As far as I can tell the best think for gears is oil but while the two shafts are now sealed the casing is just two casting held together by screws so I don't imagine thats a great seal.

Also last thing, anyone recognise tihs white weirdness? Its kind off like a hard powder stuck to the casing. It was next to the switch. Hope the switch didn't blow up.

Martin Connelly26/06/2016 07:47:34
avatar
2549 forum posts
235 photos

Looks like heat conducting paste that has dried out. Does the switch have any electronics in it?

Martin

Rainbows26/06/2016 12:48:37
658 forum posts
236 photos

There was this grey card between the switch and outer casing, probably to stop the contacts touching the aluminium body. As far as I can tell the switch is all mechanical. Maybe its some sort of perished glue.

Nicholas Farr26/06/2016 15:58:57
avatar
3988 forum posts
1799 photos

Hi Rainbows, your white weirdness is most likely caused by moisture trapped between the card and the casting, it's not unusual on die cast.

Regards Nick.

StephenS27/06/2016 05:36:04
38 forum posts

Hi Rainbows,

That grease would do although it is NLGI 2 which is the average grease for car greasing, wheel bearings, etc. It is a thicker grease than I would want to use in CV joints even though the ad for it mentions CV joints.

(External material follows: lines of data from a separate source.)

(* Assume Condition AGCT (see context) holds and that the event $\mathrm{Good}_m$ occurs. Then $\widehat T_n\subseteq T^*$, where $T^*$ is the minimal complete context tree of the processes.
   Context: Notation. $A$ is a finite alphabet. For $k\ge0$, $A^{-1}_{-k}$ is the set of strings $w=w_{-k}\cdots w_{-1}$ of length $k$ (for $k=0$ the empty string $e$); $A^{-1}_{-\infty}$ is the set of left-infinite sequences $x=\cdots x_{-2}x_{-1}$; $A^*=A^{-1}_{-\infty}\cup\bigcup_{k\ge0}A^{-1}_{-k}$. $|w|$ is the length, $w^{-1}_{-k}$ the suffix of length $k$; $w\preceq w'$ ($w'\succeq w$) means $w$ is a suffix of $w'$; for nonempty $w$, $\mathrm{par}(w)=w_{-|w|+1}\cdots w_{-1}$. A tree is a set $\widetilde T\subseteq A^*$ containing $e$ and the parent of each of its nonempty elements; a leaf is an element that is the parent of no element; complete means each non-leaf has exactly $|A|$ children. For a tree $\widetilde T$ and $x\in A^{-1}_{-\infty}$, $K_{\widetilde T}(x)=\sup\{k:x^{-1}_{-k}\in\widetilde T\}$, $\widetilde T(x)=x^{-1}_{-K_{\widetilde T}(x)}$. $\Delta^A$: probability distributions on $A$. $\|v\|_{L,q}=(\frac1L\sum_\ell|v_\ell|^q)^{1/q}$, $\|v\|_{L,\infty}=\max_\ell|v_\ell|$. Model. For $\ell=1,\dots,L$, $X(\ell)$ is a stationary ergodic $A$-valued process with transition probabilities $p_\ell(a\mid x)=\Pr(X_0(\ell)=a\mid X^{-1}_{-\infty}(\ell)=x)$. A tree $\widetilde T$ is a context tree for all processes if $p_\ell(\cdot\mid x)=p_\ell(\cdot\mid y)$ whenever $\widetilde T(x)=\widetilde T(y)$, for all $\ell$; $T^*$ denotes the minimal complete (possibly infinite) such tree. One observes $X_1^n(\ell)$ for each $\ell$. $N_{j,\ell}(w)$ is the number of occurrences of the finite string $w$ as a consecutive block in $X_1^j(\ell)$ (0 for infinite $w$); $wa$ is concatenation. If $\min_\ell N_{n-1,\ell}(w)>0$: $\hat p_{n,\ell}(a\mid w)=N_{n,\ell}(wa)/N_{n-1,\ell}(w)$, $\bar p_{n,\ell}(a\mid w)=\frac{1}{N_{n-1,\ell}(w)}\sum_{i=|w|+1}^{n}\mathbf 1\{X^{i-1}_{i-|w|}(\ell)=w\}p_\ell(a\mid X^{i-1}_{-\infty}(\ell))$; otherwise both $=1/|A|$. Metrics $d_\ell:\Delta^A\times\Delta^A\to[0,1]$; $d(q,q')=(d_\ell(q_\ell,q'_\ell))_\ell$; $\hat p_n(\cdot|w)=(\hat p_{n,\ell}(\cdot|w))_\ell$. Confidence radii $\mathrm{conf}(w)=(\mathrm{conf}_\ell(w))_{\ell}$, $w\in A^*$. Event $\mathrm{Good}_m$: for all $w\in A^*$ with $\min_\ell N_{n-1,\ell}(w)>0$, $\|(d_\ell(\bar p_{n,\ell}(\cdot|w),\hat p_{n,\ell}(\cdot|w))/\mathrm{conf}_\ell(w))_\ell\|_{L,m}\le1$. Estimator. Fix $c>1$. $E_n=\{w\in A^*:\min_\ell N_{n-1,\ell}(w)>0\}$. For nonempty $w\in E_n$, $\mathsf{CanRmv}(w)=1$ if for all $w',w''\in E_n$ with $w\preceq w'$, $\mathrm{par}(w)\preceq w''$: $\|d(\hat p_n(\cdot|w'),\hat p_n(\cdot|w''))\|_{L,k}\le c\|\mathrm{conf}(w')\|_{L,r}+c\|\mathrm{conf}(w'')\|_{L,r}$, and $\mathsf{CanRmv}(w)=0$ otherwise. PruneTree: start with $\widehat T_n=E_n$, all nodes unexamined; while $\widehat T_n$ has an unexamined leaf $w$ ($w\ne e$), remove $w$ if $\mathsf{CanRmv}(w)=1$, and mark $w$ examined; output $\widehat T_n$. Condition AGCT: the setting holds with $0\le\mathrm{conf}_\ell(w)\le1$, $\mathrm{conf}_\ell(w)\le\mathrm{conf}_\ell(w')$ whenever $w\preceq w'$, and positive extended integers $k,r,m$ with either ($k\le m$, $r\ge km/(m-k)$) or $k\le r=m=\infty$. *)

From HB Require Import structures.
From Stdlib Require Import Relations.
From mathcomp Require Import all_boot all_order all_algebra.
From mathcomp Require Import all_classical all_reals all_analysis.
Set Implicit Arguments. Unset Strict Implicit. Unset Printing Implicit Defensive.
Import Order.TTheory GRing.Theory Num.Theory.
Local Open Scope classical_set_scope.
Local Open Scope ring_scope.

I would prefer a slightly thinner grease and the one I would look for is the CV joint grease that comes in little foil packets. It is a thinner grease than the one you mentioned, and will cost a bit more, but it is also a higher moly content I have been told.

There will be others on here who know far more than I do about grease ratings so maybe they will be able to shed more light on this.

Cheers, StephenS.

StephenS27/06/2016 05:48:09
38 forum posts

I have talked about CV joints above, but I do realise that you want this grease for your drill gearbox.

The thinner grease with more moly in it should not dry out as quickly, and the moly should lubricate the gears themselves really well, and it should not leak as long as the gearbox housing joints fit reasonably well.

Cheers, StephenS.

Neil Wyatt27/06/2016 09:39:25
avatar
19226 forum posts
749 photos
86 articles

Assuming the casing is a tin/zinc alloy pressure casting not aluminium (which is likely) en.wikipedia.org/wiki/Wet_storage_stain

Neil

Rainbows27/06/2016 11:42:54
658 forum posts
236 photos

White rust sounds right. I got a Moore & Wright bearing scraper at a carboot yesterday which was pretty useful for picking out the white stuff. There isn't any sort of pitting underneath so its all good.

I will see if I can find any moly grease with NLGI 1 on the packaging for the gears.

Only other thing I'm waiting on is for some cap head screws to replace the slotted ones used on the case. One of them had the head tear off and another was on the verge of stripping, high tensile bolts are so much nicer to work with.

The other plan to spray paint everything to original colour is abandoned. I'm not sure how it was painted originally and I'm not sure of the colour and the brass name plate is rivetted on so I jsut went hell to it.